Tuur´s criticism is similar to what I have seen over the last year: broken promises, postponed implementations, lots of visions and dreams, and a blockchain full of bugs, slow, expensive transaction. With blockchains of the third generation like EOS, 0BSnetwork,Stellar, Cardano, IOTA the blockchain 2.0 Ethereum has to work hard to fulfil its promises.

Source: Tweet of Tuur Demester

CryptoNews.de Interview with CryptoRobby: Bitcoin Lightning Network is crap!

 

Bildschirmfoto 2018-11-10 um 13.29.29.png

This article is machine translated, Original Interview with Georg Steiner, CryptoNews.de – original in German language

 

Thank you  for your time Robby Schwertner aka CryptoRobbyThe crash of the cryptocurrencies at the end of 2017 has shocked many crypto fans first. Was that a cleansing storm or the hard landing on the ground of reality?

The price increase in autumn and winter 2017 was dramatic, it went vertically upwards.

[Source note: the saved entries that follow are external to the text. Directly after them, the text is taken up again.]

(* A finite-dimensional, unital, not necessarily associative F-algebra of
   dimension n, realized on the coordinate space F^n = 'rV[F]_n
   (every n-dimensional algebra is isomorphic to such a one). *)
Record nalg (F : fieldType) (n : nat) := NAlg {
  amul : 'rV[F]_n -> 'rV[F]_n -> 'rV[F]_n;
  aone : 'rV[F]_n;
  amul_linl : forall (c : F) (x y z : 'rV[F]_n),
      amul (c *: x + y) z = c *: amul x z + amul y z;
  amul_linr : forall (c : F) (x y z : 'rV[F]_n),
      amul z (c *: x + y) = c *: amul z x + amul z y;
  amul1l : forall x, amul aone x = x;
  amul1r : forall x, amul x aone = x
}.

Section Words.
Variables (F : fieldType) (n : nat) (A : nalg F n).

Inductive word (S : seq 'rV[F]_n) : nat -> 'rV[F]_n -> Prop :=
| word_one : word S 0 (aone A)
| word_gen s : s \in S -> word S 1 s
| word_mul a b x y : (0 < a)%N -> (0 < b)%N -> word S a x -> word S b y ->
    word S (a + b) (amul A x y).

Definition inL (S : seq 'rV[F]_n) (i : nat) (v : 'rV[F]_n) : Prop :=
  exists (m : nat) (c : 'I_m -> F) (w : 'I_m -> 'rV[F]_n),
    (forall k, exists a, (a <= i)%N /\ word S a (w k)) /\
    v = \sum_(k < m) c k *: w k.

Definition L_full (S : seq 'rV[F]_n) (i : nat) : Prop :=
  forall v, inL S i v.

Definition generates (S : seq 'rV[F]_n) : Prop :=
  forall v, exists i, inL S i v.

Definition set_length (S : seq 'rV[F]_n) (k : nat) : Prop :=
  L_full S k /\ forall i, (i < k)%N -> ~ L_full S i.

Definition alg_length (l : nat) : Prop :=
  (exists S, generates S /\ set_length S l) /\
  (forall S k, generates S -> set_length S k -> (k <= l)%N).
End Words.

(* "B(n) >= m" unfolded: for every j in {1,...,m} there exists an algebra of
   dimension n and length j (B(n) is the maximal such m). *)
Definition B_atleast (F : fieldType) (n m : nat) : Prop :=
  forall j, (1 <= j <= m)%N -> exists A : nalg F n, alg_length A j.

(* Let L be a finite set of positive integers in which every t > 1 is a sum of two elements
   of L, and let J = max L.  Take the basis e_0 = 1, one vector of weight t for each t in L,
   and spare vectors of weight 1; the product of basis vectors of weights a, b > 0 is the
   basis vector of weight a + b if a + b is in L, and 0 otherwise.  This algebra has length J.
   The weight-1 vectors generate it by words whose length is the weight, so the top vector
   needs words of length J.  Conversely, for any generating set S, every basis vector of
   weight t is congruent to an element of L_t(S) modulo the span F_(t+1) of the vectors of
   weight > t (induction on t, using F_a F_b <= F_(a+b)), and a downward induction on the
   weight gives L_J(S) = A.
   So a chain as above ending at j with at most n - 1 elements yields an algebra of
   dimension n and length j.  For k = ceil(n/2), the binary method gives at most 2k - 1
   elements for j < 2^k, and 2k - 2 unless j = 2^k - 1; k + 1 elements suffice for 2^k;
   for 2^k - 1 with k >= 4 the steps x -> 4x + 3 through 3 save the missing element. *)

From mathcomp Require Import all_boot all_order all_algebra.
From mathcomp Require Import zify.
Set Implicit Arguments. Unset Strict Implicit. Unset Printing Implicit Defensive.
Import GRing.Theory.
Local Open Scope ring_scope.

Therefore, it was clear to experienced traders that this would not end well. And so it came in January and February 2018 to the big crash. Many weak blockchain projects and scams have been swept away by the market. Suddenly Bitcoin and cryptocurrency were not so cool anymore, crypto trading was not that easy anymore.

I think it was very beneficial that it came to a market adjustment, it sifted chaff from the wheat. People working on long-term projects now have a chance to program their blockchains and develop their decentralised applications with much less hustle and bustle.

Currently, I see the market in a sideways movement, which will certainly last for another 2-3 years. Well-known, but not undisputed, influencer Julian Hosp saw the bitcoin price of $ 50,000 in July. He had to retract his forecast recently. Such announcements are simply dubious.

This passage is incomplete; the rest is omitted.